There are two types of random variables
- Discrete like numbers on a dice
- Continuous like length of hair
Maximum Likelihood Cost Function
Suppose we have n samples from independent and identically distributed observations, coming from an unknown probability density function f(x|theta), where theta is unknown.
So, how to arrive at the log-likelihood function?

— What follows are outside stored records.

(* Let $c=(c_1,\dots,c_p)$ with $c_1\ge\cdots\ge c_p>0$ and $C=\operatorname{diag}(c_1,\dots,c_p)$. If $R\in M_p$ satisfies $\|R\|_c=\operatorname{tr}(CR)$, where $\|R\|_c=\sum_{j=1}^p c_js_j(R)$, then $R$ is positive semidefinite.
   Context: $M_p$ is the set of $p\times p$ complex matrices and $s_1(R)\ge\cdots\ge s_p(R)$ are the singular values of $R$. *)

From mathcomp Require Import all_boot all_order all_algebra.
From mathcomp Require Import reals.
From mathcomp.real_closed Require Import complex.
Set Implicit Arguments. Unset Strict Implicit. Unset Printing Implicit Defensive.
Import Order.TTheory GRing.Theory Num.Theory.
Local Open Scope ring_scope.

Definition adjmx (R : realType) m n (A : 'M[R[i]]_(m, n)) : 'M[R[i]]_(n, m) :=
  map_mx Num.conj (A^T).

Definition singular_values (R : realType) (p : nat) (A : 'M[R[i]]_p)
    (s : 'I_p -> R) : Prop :=
  [/\ forall j, 0 <= s j,
      forall j k : 'I_p, (j <= k)%N -> s k <= s j &
      char_poly (adjmx A *m A) = \prod_(j < p) ('X - (real_complex R (s j ^+ 2))%:P)].

Definition cnorm (R : realType) (p : nat) (c s : 'I_p -> R) : R :=
  \sum_(j < p) c j * s j.

Definition psd (R : realType) (p : nat) (A : 'M[R[i]]_p) : Prop :=
  adjmx A = A /\ forall x : 'cV[R[i]]_p, 0 <= (adjmx x *m A *m x) ord0 ord0.

(* For every [A], [Re tr(CA) <= ||A||_c] (von Neumann's trace
   inequality): write [A = B W] with [W] unitary and the columns of [B]
   orthogonal of norms [s_j]; AM-GM bounds [Re tr(CA)] by
   [sum_ij c_i s_j d_ij] for a doubly substochastic [d], and a rearrangement
   (Abel summation) argument bounds this by [sum_i c_i s_i].
   As [||.||_c] is unitarily invariant, the equality [tr(CA) = ||A||_c] says
   that both [CA] and [AC] maximise [X |-> Re tr(U X)] over unitary [U]. Such
   an [X] has a real nonnegative diagonal in every orthonormal basis, hence is
   positive semidefinite. Finally, [CA] and [AC] Hermitian force [A] to commute
   with [C], and then [A = C^(-1/2) (CA) C^(-1/2)] is positive semidefinite. *)

From mathcomp Require Import all_boot all_order all_algebra perm.
From mathcomp Require Import reals.
From mathcomp.real_closed Require Import complex.
From mathcomp Require Import ring lra.
Set Implicit Arguments.
Unset Strict Implicit.
Unset Printing Implicit Defensive.

Import Order.TTheory GRing.Theory Num.Theory.
Local Open Scope ring_scope.
Local Open Scope complex_scope.

Section Rearrangement.
Variable R : realDomainType.

Lemma abel_sum_ge0 n (c z : nat -> R) :
  (forall i j, (i <= j < n)%N -> c j <= c i) ->
  (forall i, (i < n)%N -> 0 <= c i) ->
  (forall k, (k < n)%N -> 0 <= \sum_(i < k.+1) z i) ->
  0 <= \sum_(i < n) c i * z i.
Proof.
elim: n c => [|n IHn] c c_dec c_ge0 z_ge0; first by rewrite big_ord0.
have -> : \sum_(i < n.+1) c i * z i =
    \sum_(i < n) (c i - c n) * z i + c n * \sum_(i < n.+1) z i.
  rewrite big_ord_recr /= mulr_sumr big_ord_recr /= addrA; congr (_ + _).
  by rewrite -big_split /=; apply: eq_bigr => i _; ring.
apply: addr_ge0; last exact: mulr_ge0 (c_ge0 _ _) (z_ge0 _ _).
apply: (IHn (fun i => c i - c n)) => [i j /andP[le_ij lt_jn]|i lt_in|k lt_kn].
- by rewrite lerD2r c_dec // le_ij ltnW.
- by rewrite subr_ge0 c_dec // ltnW // leqnn.
- by apply: z_ge0; rewrite ltnW.
Qed.

Variable p : nat.
Implicit Types (c s x y e : 'I_p -> R).

Let ext (f : 'I_p -> R) (n : nat) : R := oapp f 0 (insub n).

Let ext_ord f n (lt_np : (n < p)%N) : ext f n = f (Ordinal lt_np).
Proof. by rewrite /ext -[n]/(val (Ordinal lt_np)) valK. Qed.

Let sum_ext f : \sum_(i < p) ext f i = \sum_i f i.
Proof. by apply: eq_bigr => i _; rewrite /ext valK. Qed.

Let prefix_sum_ext f (k : 'I_p) :
  \sum_(i < k.+1) ext f i = \sum_(i : 'I_p | (i <= k)%N) f i.
Proof.
rewrite (big_ord_widen p (ext f) (ltn_ord k)).
by apply: eq_big => [i|i _]; rewrite ?ltnS // /ext valK.
Qed.

Lemma sum_nonincreasing_mul_le c x y :
  (forall j k : 'I_p, (j <= k)%N -> c k <= c j) -> (forall j, 0 <= c j) ->
  (forall k : 'I_p,
     \sum_(i : 'I_p | (i <= k)%N) y i <= \sum_(i : 'I_p | (i <= k)%N) x i) ->
  \sum_i c i * y i <= \sum_i c i * x i.
Proof.
move=> c_dec c_ge0 xy_prefix; rewrite -subr_ge0 -sumrB.
under eq_bigr do rewrite -mulrBr.
rewrite -(sum_ext (fun i => c i * (x i - y i))).
have -> : \sum_(i < p) ext (fun i => c i * (x i - y i)) i =
          \sum_(i < p) ext c i * ext (x \- y) i.
  by apply: eq_bigr => i _; rewrite /ext valK.
apply: abel_sum_ge0 => [i j /andP[le_ij lt_jp]|i lt_ip|k lt_kp].
- by rewrite (ext_ord _ lt_jp) (ext_ord _ (leq_ltn_trans le_ij lt_jp)) c_dec.
- by rewrite (ext_ord _ lt_ip) c_ge0.
- rewrite (prefix_sum_ext _ (Ordinal lt_kp)) /= sumrB subr_ge0.
  exact: xy_prefix (Ordinal lt_kp).
Qed.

Here are the steps to sum it up:
-
Making a Joint Density Function.
$\displaystyle J(\theta) = P(x_1, x_2, \ldots, x_n; \theta)$
-
Finding the Likelihood function, x samples are fixed “parameters” and theta will be the function’s variable.
$\displaystyle L(\theta) = \prod_{i=1}^{N}P(x_1;\theta) \bigg|$ Independence Assumption
-
For further simplification, we make it Log-Likelihood function, as it's easier to deal with log.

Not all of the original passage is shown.